Раздаётся скрип, треск, и затем я слышу его. Зендер. Это голос моего брата.

— Это защищённая линия? Ты цела? В безопасности?

— Да, линия вроде бы защищённая, — я смотрю на Джондара, тот пожимает плечами. Я даже не представляю, как работает эта штуковина. — Насколько это возможно. Мы в безопасности, Зендер. Но Кон у них. Нам нужно его вытащить. И как можно скорее. Они пытают его. Чтобы он отдал корону, или подписал договор, или… Не знаю зачем. Просто ради забавы, наверное…

— Где Шай? Дай мне поговорить с ним.

Я давлюсь воздухом, ответ застревает в горле. Он ещё не знает. Ну конечно, он не знает. Откуда бы? Мне не нужно было прежде произносить это вслух, потому что все и так знали. И я не хочу говорить этого сейчас, только не вслух. Потому что тогда это станет реальным.

Но у меня нет выбора.

— Он мёртв.

Наступает тишина. Шай был и его другом тоже. С самого детства.

— Когда? Как?

— При падении Лимасилла, два с половиной месяца назад. Он пожертвовал собой, чтобы вывести нас. Меня и Кона. А теперь Кон у них, и я должна его спасти. Должна. Ты слышишь меня?

Молчание Зендера всегда было плохим знаком. Я жду, постукивая по кристаллу скорее от бессилия, чем от необходимости усилить сигнал.
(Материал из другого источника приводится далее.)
Lemma relations_generated (N : lmodType B) n (phi : 'I_n -> M -> N) (m : 'I_n -> M) :
  (forall j, linear_fun (phi j)) -> \sum_(j < n) phi j (m j) = 0 ->
  exists s : seq ({sigma : M -> {ffun 'I_n -> M} |
                     linear_fun sigma /\ forall z, \sum_(j < n) phi j (sigma z j) = 0} * M),
    forall j, m j = \sum_(y <- s) sval y.1 y.2 j.
Proof.
move=> phi_linear Sphi_m0.
pose Sphi (v : {ffun 'I_n -> M}) := \sum_(j < n) phi j (v j).
have Sphi_linear : linear_fun Sphi.
  split=> [v w|b v]; rewrite /Sphi ?scaler_sumr -?big_split; apply: eq_bigr => j _;
  by have [phiD phiZ] := phi_linear j; rewrite ffunE ?phiD ?phiZ.
have Lgen : generated_by M (kernel Sphi_linear).
  exact/Hgen/in_sigma_kernel/generated_in_sigma/ffun_generated.
have m_in : [ffun j => m j] \in kernel_pred Sphi_linear.
  by rewrite unfold_in /= /Sphi -[X in _ == X]Sphi_m0; apply/eqP/eq_bigr => j _; rewrite ffunE.
have [s m_E] := generated_sum_images Lgen (Sub [ffun j => m j] m_in : kernel Sphi_linear).
have valD : additive_fun (fun v : kernel Sphi_linear => val v : {ffun 'I_n -> M}) by [].
have rel (y : {psi : M -> kernel Sphi_linear | linear_fun psi} * M) :
    linear_fun (fun z => val (sval y.1 z)) /\ forall z, Sphi (val (sval y.1 z)) = 0.
  have [yD yZ] := svalP y.1; split=> [|z]; last exact/eqP/(valP (sval y.1 z)).
  by split=> [z z'|b z]; rewrite ?yD ?yZ.
exists [seq (exist _ _ (rel y), y.2) | y <- s] => j.
have := congr1 (fun v : kernel Sphi_linear => val v j) m_E.
by rewrite /= ffunE big_map => ->; rewrite (additive_fun_sum valD) sum_ffunE.
Qed.

End SigmaClosure.

Section ZmodQuotient.
Variables (V : zmodType) (P : V -> Prop).
Hypotheses (P0 : P 0) (PB : forall x y, P x -> P y -> P (x - y)).

Definition prop_pred : {pred V} := fun v => `[< P v >].

Lemma prop_pred_closed : zmod_closed prop_pred.
Proof.
split=> [|x y]; rewrite !unfold_in; first exact/asboolP.
by move=> /asboolP Px /asboolP Py; apply/asboolP/PB.
Qed.

HB.instance Definition _ := GRing.isZmodClosed.Build V prop_pred prop_pred_closed.

Lemma zmod_quotient_kernel : exists (G : zmodType) (q : V -> G),
  additive_fun q /\ forall v, q v = 0 <-> P v.
Proof.
have qD : additive_fun \pi_(Quotient.quot prop_pred)%qT by move=> x y; rewrite Quotient.pi_add.
exists (Quotient.quot prop_pred), \pi_(Quotient.quot prop_pred)%qT; split=> // v.
have := Quotient.idealrBE prop_pred v 0; rewrite subr0 (additive_fun0 qD) unfold_in => Pv_E.
by split=> [qv0|/asboolP]; [apply/asboolP; rewrite Pv_E qv0 | rewrite Pv_E => /eqP].
Qed.

End ZmodQuotient.

Section FinSupp.
Variables (I : Type) (V : zmodType).

Lemma finsuppD (x y : I -> V) : finsupp x -> finsupp y -> finsupp (fun i => x i + y i).
Proof.
move=> [s supp_x] [s' supp_y]; exists (s ++ s') => i xy_i; apply: List.in_or_app.
case: (eqVneq (x i) 0) => [x0|/eqP/supp_x]; last by left.
by right; apply: supp_y => y0; apply: xy_i; rewrite x0 y0 addr0.
Qed.

Lemma finsuppN (x : I -> V) : finsupp x -> finsupp (fun i => - x i).
Proof.
by move=> [s supp_x]; exists s => i nx; apply: supp_x => x0; apply: nx; rewrite x0 oppr0.
Qed.

End FinSupp.

Lemma finsupp_seq (I : eqType) (V : zmodType) (x : I -> V) :
  finsupp x -> exists s : seq I, forall i, x i != 0 -> i \in s.
Proof. by move=> [s supp_x]; exists s => i /eqP /supp_x /list_InP. Qed.

Section TensorProduct.
Variables (B : pzRingType) (M : lmodType B).
Variables (T : bimod B) (tens : M -> (M -> B) -> T).
Hypothesis Htens : is_tensor tens.
Variable ev : T -> B.
Hypothesis evD : additive_fun ev.
Hypothesis ev_tens : forall m f, ldual f -> ev (tens m f) = f m.

Local Notation dual := {classic {f : M -> B | ldual f}}.

Lemma tensDl f : ldual f -> additive_fun (tens^~ f).
Proof. by case: Htens => [[tensD _] _] fdual m m'; rewrite tensD. Qed.

Lemma tensZl b m f : ldual f -> tens (b *: m) f = b *: (tens m f : bimod_lmod T).
Proof. by case: Htens => _ [tensZ _] /tensZ. Qed.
— Передай свои координаты. Мы заберём тебя и вернём домой как можно скорее.

Я резко втягиваю воздух и встречаюсь взглядом с Джондаром. Зендер думает, что может просто увести меня отсюда? Нет. Ни в коем случае. Что-то тяжёлое отражается в глазах антейского принца — смирение… и согласие. Он кивает. Он реально кивает. Ну да, конечно, заберите отсюда эту девчонку.

— Нет, — я произношу громко и чётко, чтобы у них даже тени сомнения не возникло. — Ни за что на свете, дорогой брат.

— Бел, прислушайся к голосу разума. Как заложница…

— Нет, это ты послушай меня. Им не нужны другие заложники, у них и так есть Кон. Я не покину Антеес.

— Они выстроили блокаду вокруг планеты, но мы можем прорваться одним прицельным ударом.

— Я не могу бросить их. Более того, я не стану. Вопрос в том, поможешь ты мне в этом или нет?

Зендер рычит что-то нецензурное.

— Том? Ты там?

Том смотрит на Джондара, между ними вновь пробегает что-то, не требующее слов. Внутри него идёт борьба, это видно по выражению лица, но он ничего не говорит, хотя всем телом этого хочет. Он закрывает глаза и не отвечает. Джондар с обожанием смотрит на него.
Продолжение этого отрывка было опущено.